Basta sfogliare i giornali economici: i protagonisti del business
delle cliniche hanno scalzato di fatto i signori (decaduti) del Real
Estate. Giampaolo
Angelucci,
titolare del Gruppo Tosinvest, non sembra però intenzionato a
ballare una sola stagione come Ricucci: insieme ai fratelli controlla
decine di cliniche e ospedali a Roma, in Lombardia e Puglia, e non
disdegna avventure mirate nel campo editoriale e in quello
finanziario. Proprietario di 'Libero' e del 'Riformista', ha da poco
tentato di comprare il pacchetto di maggioranza dell''Unità',
mentre la vendita della quota di Capitalia ha fruttato una
plusvalenza-monstre da 300 milioni di euro.
Altro ras del
settore è Giuseppe
Rotelli,
che in pochi lustri è diventato leader nazionale grazie
all'impero costruito a Milano. Acquistando in blocco le cliniche di
Antonino Ligresti ha sfruttato al meglio la rivoluzione imposta dal
governatore Roberto Formigoni, che nel 1999 ha rotto il monopolio del
pubblico e dato il via all'età dell'oro per gli industriali
della salute: anche a Rotelli piace la carta stampata, e ha una
partecipazione 'potenziale' del 10 per cento dentro Rcs, il gruppo
che controlla il 'Corriere della Sera'.
Ma Angelucci, Rotelli
e Gianfelice Rocca, vicepresidente di Confindustria e presidente di
Humanitas, sono
solo la punta dell'iceberg:
nel 2008 il
giro d'affari totale si avvia a superare gli 8 miliardi di euro,
con un tasso di produttività per occupato che supera - come ha
scritto 'Il Sole 24 Ore' - del 6,4 per cento la media nazionale. "Se
io e lei ci volessimo mettere in società per comprare un
immobile e farci una clinica", dice Giuseppe Scrofina,
presidente di Federsalute, "le assicuro che saremmo in buona
compagnia. Molti hanno fiutato l'affare, c'è la fila".

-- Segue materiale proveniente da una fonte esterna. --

(* Let $(S,+)$ be an infinite left weakly cancellative semigroup with no idempotent element, and let $A\subseteq S$ be an IP set. Then there is a family $\{A_\alpha:\alpha<2^\omega\}$ of subsets of $A$ such that each $A_\alpha$ is an infinite IP set and $A_\alpha\cap A_\beta$ is finite whenever $\alpha<\beta<2^\omega$.
   Context: $S$ is left weakly cancellative if for all $a,b\in S$ the set $\{x: a+x=b\}$ is finite; $e$ is idempotent if $e+e=e$. For a sequence $\langle x_n\rangle_{n=1}^\infty$ in $S$, $\mathrm{FS}(\langle x_n\rangle_{n=1}^\infty)$ is the set of all sums $\sum_{n\in H}x_n$ (in increasing order of indices) with $H$ a nonempty finite subset of $\mathbb{N}$. $A$ is an IP set if $\mathrm{FS}(\langle x_n\rangle_{n=1}^\infty)\subseteq A$ for some sequence $\langle x_n\rangle_{n=1}^\infty$ in $S$. *)

From mathcomp Require Import all_boot.
From mathcomp Require Import boolp classical_sets cardinality.
Set Implicit Arguments. Unset Strict Implicit. Unset Printing Implicit Defensive.
Local Open Scope classical_set_scope.

Definition associative_op (S : Type) (op : S -> S -> S) : Prop :=
  forall a b c, op a (op b c) = op (op a b) c.

Definition left_weakly_cancellative (S : Type) (op : S -> S -> S) : Prop :=
  forall a b : S, finite_set [set x | op a x = b].

Definition idempotent_elt (S : Type) (op : S -> S -> S) (e : S) : Prop :=
  op e e = e.

Definition seq_sum (S : Type) (op : S -> S -> S) (x : nat -> S)
  (h : nat) (t : seq nat) : S :=
  foldl (fun acc i => op acc (x i)) (x h) t.

(* FS(<x_n>): sums over nonempty finite H ⊆ ℕ in increasing order of indices;
   H is encoded as the strictly increasing list h :: t of its elements. *)
Definition FS (S : Type) (op : S -> S -> S) (x : nat -> S) : set S :=
  [set s | exists (h : nat) (t : seq nat),
      sorted ltn (h :: t) /\ s = seq_sum op x h t].

Definition IP_set (S : Type) (op : S -> S -> S) (A : set S) : Prop :=
  exists x : nat -> S, FS op x `<=` A.

From mathcomp Require Import all_boot.
From mathcomp Require Import boolp classical_sets cardinality.
From mathcomp Require Import zify.
Set Implicit Arguments. Unset Strict Implicit. Unset Printing Implicit Defensive.
Local Open Scope classical_set_scope.

(* Let FS(x) be contained in A.  Left weak cancellation and the absence of
   idempotents imply that, for every start k, some block sum
   x_k + ... + x_(k+l) avoids any prescribed finite set: if all of them lay in
   a finite set, two would coincide, v = v + w, hence v = v + n w for all n,
   so the multiples of w would repeat and produce an idempotent.  Hence one can
   pick consecutive disjoint blocks w_0, w_1, ... of x such that neither w_n
   nor any s + w_n, with s a finite sum of w_0, ..., w_(n-1), is such a finite
   sum; then every finite sum of the w's determines its largest index.
   Sending a : nat -> bool to the strictly increasing sequence
   n |-> 2^n + sum_(i<n) a_i 2^i, the sets FS(w o code a) are infinite IP
   subsets of A, and a common element of two of them only involves indices
   below the first place where a and b differ, so there are finitely many. *)

Lemma injective_infinite_range T (f : nat -> T) (B : set T) :
  injective f -> (forall n, B (f n)) -> infinite_set B.
Proof.
move=> f_inj fB finB; apply: infinite_nat.
have : finite_set (f @` setT) by apply: sub_finite_set finB => _ [n _ <-].
by rewrite (eq_finite_set (inj_card_eq _)) // => m n _ _ /f_inj.
Qed.

Lemma finite_range_not_injective T (f : nat -> T) (B : set T) :
  finite_set B -> (forall n, B (f n)) -> exists i j, i < j /\ f i = f j.
Proof.
move=> finB fB; apply: contrapT => f_inj.
apply: (injective_infinite_range _ fB) finB => m n fmn.
by case: (ltngtP m n) => // [mn|nm]; exfalso; apply: f_inj; [exists m, n | exists n, m].
Qed.

Lemma last_iota k n : last k (iota k.+1 n) = k + n.
Proof. by elim: n k => [|n IH] k /=; rewrite ?addn0 // IH addnS. Qed.

Lemma last_max h t : sorted ltn (h :: t) -> {in h :: t, forall i, i <= last h t}.
Proof.
elim: t h => [|j t IH] h /=; first by move=> _ i; rewrite inE => /eqP->.
case/andP=> hj jt i; rewrite inE => /orP[/eqP->|]; last exact: IH.
by have := IH j jt j (mem_head _ _); lia.
Qed.

Section Semigroup.

Variables (S : Type) (op : S -> S -> S).
Hypothesis opA : associative_op op.

Lemma foldl_opl (f : nat -> S) a b t :
  foldl (fun acc i => op acc (f i)) (op a b) t =
  op a (foldl (fun acc i => op acc (f i)) b t).
Proof. by elim: t b => //= i t IH b; rewrite -opA IH. Qed.

Lemma seq_sum_cat (f : nat -> S) h t j u :
  seq_sum op f h (t ++ j :: u) = op (seq_sum op f h t) (seq_sum op f j u).
Proof. by rewrite /seq_sum foldl_cat /= foldl_opl. Qed.

Lemma seq_sum_rcons (f : nat -> S) h t n :
  seq_sum op f h (rcons t n) = op (seq_sum op f h t) (f n).
Proof. by rewrite /seq_sum foldl_rcons. Qed.

Lemma seq_sum_map (f : nat -> S) (c : nat -> nat) h t :
  seq_sum op (f \o c) h t = seq_sum op f (c h) (map c t).
Proof. by rewrite /seq_sum /comp; elim: t (f (c h)) => //= i t IH a; rewrite IH. Qed.

Lemma eq_seq_sum (f g : nat -> S) h t :
  {in h :: t, f =1 g} -> seq_sum op f h t = seq_sum op g h t.
Proof.
rewrite /seq_sum => fg; rewrite fg ?mem_head //.
have {fg} : {in t, f =1 g} by move=> i it; apply: fg; rewrite inE it orbT.
elim: t (g h) => //= i t IH a fg; rewrite fg ?mem_head // IH // => j jt.
by apply: fg; rewrite inE jt orbT.
Qed.

Lemma FS_subseq (x : nat -> S) (c : nat -> nat) :
  {homo c : i j / i < j} -> FS op (x \o c) `<=` FS op x.
Proof.
move=> c_incr _ [h [t [ht ->]]]; exists (c h), (map c t).
by rewrite seq_sum_map; split => //; exact: homo_path ht.
Qed.

(* [succ_mul w n] is the (n+1)-fold sum w + ... + w. *)
Fixpoint succ_mul (w : S) n := if n is m.+1 then op (succ_mul w m) w else w.

Lemma succ_mulD w m n : op (succ_mul w m) (succ_mul w n) = succ_mul w (m + n).+1.
Proof. by elim: n => [|n IH] /=; rewrite ?addn0 // opA IH addnS. Qed.

Lemma idempotent_of_succ_mul_eq w i j :
  i < j -> succ_mul w i = succ_mul w j -> exists e, idempotent_elt op e.
Proof.
move=> ij; have {ij} [p ->] : exists p, j = i + p.+1 by exists (j - i).-1; lia.
move=> wij.
have period k : succ_mul w (i + k + p.+1) = succ_mul w (i + k).
  elim: k => [|k IH]; first by rewrite addn0 -wij.
  by rewrite (addnS i k) addSn /= IH.
have periods q k : succ_mul w (i + k + q * p.+1) = succ_mul w (i + k).
  by elim: q => [|q IH]; rewrite ?addn0 // mulSnr addnA -(addnA i) period addnA IH.
(* e is the sum of (i+1)(p+1) copies of w, a multiple of the period beyond i *)
exists (succ_mul w (i + (i * p + p))).
rewrite /idempotent_elt succ_mulD -[RHS](periods i.+1).
by congr succ_mul; rewrite !mulSn !mulnS; lia.
Qed.

Definition block_sum (x : nat -> S) k l := seq_sum op x k (iota k.+1 l).

Lemma block_sumD x k l1 l2 :
  block_sum x k (l1 + l2).+1 = op (block_sum x k l1) (block_sum x (k + l1).+1 l2).
Proof. by rewrite /block_sum -addnS iotaD -seq_sum_cat // addSn. Qed.

Section Blocks.

Variables (x : nat -> S) (s l : nat -> nat).
Hypothesis blocks_disjoint : forall m, s m + l m < s m.+1.

Lemma seq_sum_blocks h t : sorted ltn (h :: t) ->
  exists t', [/\ sorted ltn (s h :: t'), last (s h) t' = s (last h t) + l (last h t)
    & seq_sum op (fun m => block_sum x (s m) (l m)) h t = seq_sum op x (s h) t'].
Proof.
have s_mono : {homo s : m n / m <= n}.
  by apply: homo_leq => [//|m n p|m]; [exact: leq_trans | have := blocks_disjoint m; lia].
have blocks_lt m n : m < n -> s m + l m < s n.
  by move=> mn; apply: leq_trans (blocks_disjoint m) (s_mono _ _ mn).
elim/last_ind: t => [|t j IH].
  by exists (iota (s h).+1 (l h)); rewrite last_iota (iota_ltn_sorted _ (l h).+1).
rewrite /= rcons_path => /andP[ht lj]; have [/= t' [ht' lt' sum_t']] := IH ht.
exists (t' ++ s j :: iota (s j).+1 (l j)); split.
- rewrite /= cat_path ht' /= lt' blocks_lt //.
  exact: (iota_ltn_sorted (s j) (l j).+1).
- by rewrite last_cat /= last_iota last_rcons.
- by rewrite seq_sum_rcons sum_t' seq_sum_cat.
Qed.

Lemma FS_block_sums_sub : FS op (fun m => block_sum x (s m) (l m)) `<=` FS op x.
Proof.
move=> _ [h [t [ht ->]]]; have [t' [ht' _ ->]] := seq_sum_blocks ht.
by exists (s h), t'.
Qed.

End Blocks.

Definition FS_below (f : nat -> S) n : set S :=
  [set s | exists h t, [/\ sorted ltn (h :: t), last h t < n & s = seq_sum op f h t]].

Lemma FS_below_succ f n :
  FS_below f n.+1 `<=` FS_below f n `|` [set f n] `|` (op^~ (f n)) @` FS_below f n.
Proof.
move=> _ [h [t [ht tn ->]]].
have [lt_n|ge_n] := ltnP (last h t) n; first by left; left; exists h, t.
have {tn ge_n} : last h t = n by lia.
case/lastP: t ht => [_ /= ->|t j]; first by left; right.
rewrite /= rcons_path last_rcons => /andP[ht tj] <-.
by right; exists (seq_sum op f h t); [exists h, t | rewrite seq_sum_rcons].
Qed.

Lemma FS_below_finite f n : finite_set (FS_below f n).
Proof.
elim: n => [|n IH].
  by apply: sub_finite_set (finite_set0 S) => ? [h [t [_ /[!ltn0]]]].
apply: sub_finite_set (@FS_below_succ f n) _.
by rewrite !finite_setU; split; [split; [|exact: finite_set1] | exact: finite_image].
Qed.

Lemma eq_FS_below f g n : {in gtn n, f =1 g} -> FS_below f n = FS_below g n.
Proof.
move=> fg; apply/seteqP; split=> _ [h [t [ht tn ->]]]; exists h, t; split => //;
  apply: eq_seq_sum => i it; [|symmetry]; apply: fg;
  by rewrite inE; have := last_max ht it; lia.
Qed.

Definition fresh (B : set S) (s : S) := ~ B s /\ forall a, B a -> ~ B (op a s).

Section Fresh.

Variable w : nat -> S.
Hypothesis w_fresh : forall n, fresh (FS_below w n) (w n).

Lemma seq_sum_notin_FS_below h t :
  sorted ltn (h :: t) -> ~ FS_below w (last h t) (seq_sum op w h t).
Proof.
have [w_notin w_shift] := w_fresh (last h t).
case/lastP: t w_notin w_shift => [//|t j] _; rewrite last_rcons => w_shift.
rewrite /= rcons_path seq_sum_rcons => /andP[ht tj].
by apply: w_shift; exists h, t.
Qed.

Lemma seq_sum_last_inj h t h' t' :
  sorted ltn (h :: t) -> sorted ltn (h' :: t') ->
  seq_sum op w h t = seq_sum op w h' t' -> last h t = last h' t'.
Proof.
move=> ht ht' sum_eq; case: (ltngtP (last h t) (last h' t')) => // lt_last; exfalso.
- by apply: (seq_sum_notin_FS_below ht'); rewrite -sum_eq; exists h, t.
- by apply: (seq_sum_notin_FS_below ht); rewrite sum_eq; exists h', t'.
Qed.

Lemma FS_infinite (c : nat -> nat) : injective c -> infinite_set (FS op (w \o c)).
Proof.
move=> c_inj; apply: (injective_infinite_range (f := w \o c)); last first.
  by move=> n; exists n, [::].
by move=> m n /(@seq_sum_last_inj (c m) [::] (c n) [::] erefl erefl) /c_inj.
Qed.

Lemma FS_inter_sub_FS_below (c d : nat -> nat) n :
  {homo c : i j / i < j} -> {homo d : i j / i < j} ->
  (forall m m', c m = d m' -> m < n) ->
  FS op (w \o c) `&` FS op (w \o d) `<=` FS_below (w \o c) n.
Proof.
move=> c_incr d_incr cd_small _ [[h [t [ht ->]]] [h' [t' [ht' sum_eq]]]].
exists h, t; split => //; apply: (cd_small _ (last h' t')).
move: sum_eq; rewrite (seq_sum_map w c) (seq_sum_map w d) => /seq_sum_last_inj.
rewrite !last_map; apply; [exact: homo_path c_incr ht | exact: homo_path d_incr ht'].
Qed.

End Fresh.

Section NoIdempotent.

Hypothesis op_lwc : left_weakly_cancellative op.
Hypothesis no_idempotent : forall e : S, ~ idempotent_elt op e.

Lemma exists_block_sum_notin x k (Bad : set S) :
  finite_set Bad -> exists l, ~ Bad (block_sum x k l).
Proof.
move=> finBad; apply: contrapT => no_l.
have all_bad l : Bad (block_sum x k l) by apply: contrapT => ?; apply: no_l; exists l.
have [l1 [l2 [l12 v_eq]]] := finite_range_not_injective finBad all_bad.
set v := block_sum x k l1 in v_eq.
set w := block_sum x (k + l1).+1 (l2 - l1).-1.
have vw : op v w = v by rewrite [RHS]v_eq -block_sumD; congr block_sum; lia.
have v_absorbs m : op v (succ_mul w m) = v by elim: m => [|m IH] //=; rewrite opA IH vw.
have [i [j [ij w_ij]]] := finite_range_not_injective (op_lwc v v) v_absorbs.
by have [e] := idempotent_of_succ_mul_eq ij w_ij; exact: no_idempotent.
Qed.

Lemma exists_fresh_block_sum x (B : set S) k :
  finite_set B -> exists l, fresh B (block_sum x k l).
Proof.
move=> finB.
pose Bad := B `|` \bigcup_(a in B) \bigcup_(b in B) [set c | op a c = b].
have finBad : finite_set Bad.
  rewrite finite_setU; split => //.
  by apply: bigcup_finite => // a _; apply: bigcup_finite => // b _; exact: op_lwc.
have [l notBad] := exists_block_sum_notin x k finBad.
exists l; split=> [Bl|a Ba Bal]; apply: notBad; first by left.
by right; exists a => //; exists (op a (block_sum x k l)).
Qed.

Section Construction.

Variable x : nat -> S.

Let next_len (f : nat -> S) n k : nat :=
  sval (cid (exists_fresh_block_sum x k (FS_below_finite f n))).

(* [stage n] is the start of the next block together with a function agreeing
   with the blocks chosen so far on indices below n. *)
Fixpoint stage n : nat * (nat -> S) :=
  if n is m.+1 then
    let k := (stage m).1 in let l := next_len (stage m).2 m k in
    ((k + l).+1, fun i => if i == m then block_sum x k l else (stage m).2 i)
  else (0, fun _ => x 0).

Let start n := (stage n).1.
Let len n := next_len (stage n).2 n (start n).
Let block n := block_sum x (start n) (len n).

Lemma stage_block m i : i < m -> (stage m).2 i = block i.
Proof. by elim: m => [|m IH] //= im; case: eqP => [->|ne] //; apply: IH; lia. Qed.

Lemma exists_fresh_subsums :
  exists w, FS op w `<=` FS op x /\ forall n, fresh (FS_below w n) (w n).
Proof.
exists block; split; first by apply: FS_block_sums_sub => m; exact: ltnSn.
move=> n; rewrite -(@eq_FS_below (stage n).2) => [|i]; last by rewrite inE => /stage_block.
exact: svalP (cid (exists_fresh_block_sum x (start n) (FS_below_finite (stage n).2 n))).
Qed.

End Construction.

End NoIdempotent.

End Semigroup.

Fixpoint bits (a : nat -> bool) n := if n is m.+1 then bits a m + a m * 2 ^ m else 0.

Definition code (a : nat -> bool) n := 2 ^ n + bits a n.

Lemma bits_lt a n : bits a n < 2 ^ n.
Proof. by elim: n => [|n IH] //=; rewrite expnS; case: (a n) => /=; lia. Qed.

Lemma code_increasing a : {homo code a : i j / i < j}.
Proof.
apply: homo_ltn => [i j k|n]; first lia.
by rewrite /code /= expnS; have := bits_lt a n; lia.
Qed.

Lemma bits_inj a b n : bits a n = bits b n -> {in gtn n, a =1 b}.
Proof.
elim: n => [|n IH] //= abits i.
have ha := bits_lt a n; have hb := bits_lt b n.
have abn : a n = b n by case: (a n) (b n) abits => [] [] /=; lia.
rewrite abn in abits; rewrite inE ltnS leq_eqVlt => /orP[/eqP-> //|ltin].
by apply: IH; rewrite ?inE //; lia.
Qed.

Lemma code_inj a b n m : code a n = code b m -> n = m /\ {in gtn n, a =1 b}.
Proof.
have code_lt a' b' n' m' : n' < m' -> code a' n' < code b' m'.
  move=> nm; rewrite /code; have := bits_lt a' n'.
  have : 2 ^ n'.+1 <= 2 ^ m' by rewrite leq_exp2l.
  by rewrite expnS; lia.
move=> ab; case: (ltngtP n m) => [nm|mn|nm]; last subst m.
- by have := code_lt a b _ _ nm; rewrite ab ltnn.
- by have := code_lt b a _ _ mn; rewrite ab ltnn.
by split => //; apply: bits_inj; move: ab; rewrite /code; lia.
Qed.

Theorem theorem2p5 (S : Type) (op : S -> S -> S)
  (Hassoc : associative_op op)
  (Hinf : infinite_set [set: S])
  (Hlwc : left_weakly_cancellative op)
  (Hnoid : forall e : S, ~ idempotent_elt op e)
  (A : set S) (HA : IP_set op A) :
  exists F : (nat -> bool) -> set S,
    (forall a, F a `<=` A /\ infinite_set (F a) /\ IP_set op (F a)) /\
    (forall a b, a <> b -> finite_set (F a `&` F b)).
Proof.
have [x FSx_A] := HA.
have [w [FSw_FSx w_fresh]] := exists_fresh_subsums Hassoc Hlwc Hnoid x.
exists (fun a => FS op (w \o code a)); split=> [a|a b ab].
  split; [|split; last by exists (w \o code a)].
  - exact: subset_trans (FS_subseq (code_increasing a)) (subset_trans FSw_FSx FSx_A).
  - by apply: (FS_infinite w_fresh) => m n /code_inj[].
have [i ab_i] : exists i, a i <> b i.
  by apply/existsNP => ab_eq; apply: ab; apply/funext => i; exact: contrapT.
apply: sub_finite_set (FS_below_finite op (w \o code a) i.+1).
apply: (FS_inter_sub_FS_below w_fresh (code_increasing a) (code_increasing b)).
move=> m m' /code_inj[_ ab_agree]; rewrite ltnS leqNgt; apply/negP => im.
by apply: ab_i; apply: ab_agree; rewrite inE.
Qed.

Per Unioncamere dal 2002 al 2007 sono nate 5.067 nuove imprese
sanitarie, con un aumento del 22 per cento. Sono
cliniche,
ambulatori,
laboratori
di analisi,
centri
per l'assistenza agli anziani,
ma anche società
di ambulanze private
e produttori
di dispositivi medici.
Difficile trovare piccolissimi imprenditori: le strutture e i
macchinari sono costosi, gli investimenti importanti. All'origine del
boom non c'è solo l'espansione nazionale del modello
Formigoni, che ha dirottato sul privato parte importante della spesa
sanitaria pubblica, ma anche fattori
congiunturali refrattari a qualsiasi stagnazione economica:
dall'aspettativa
di vita in aumento,
alla
cultura dilagante del benessere,
alla
fine delle famiglie allargate.
"Gli ospizi sono l'alternativa alla badante", spiega
Scrofina, che mette l'accento anche sulla crisi del servizio
pubblico. Il margine di guadagno è alto anche nelle attività
di riabilitazione e nella lungodegenza, dove il peso del privato
(dati Cergas-Bocconi) è elevatissimo, mentre l'out-of-pocket
ha fatto crescere la spesa pro capite soprattutto in Lombardia,
Veneto, Lazio e Campania. Anche qui i più forti stanno però
cominciando a fare la parte del leone, e le operazioni di
concentrazione rischiano di lasciare il mercato appannaggio di pochi
big player. Che
diventeranno, ovviamente, sempre più ricchi.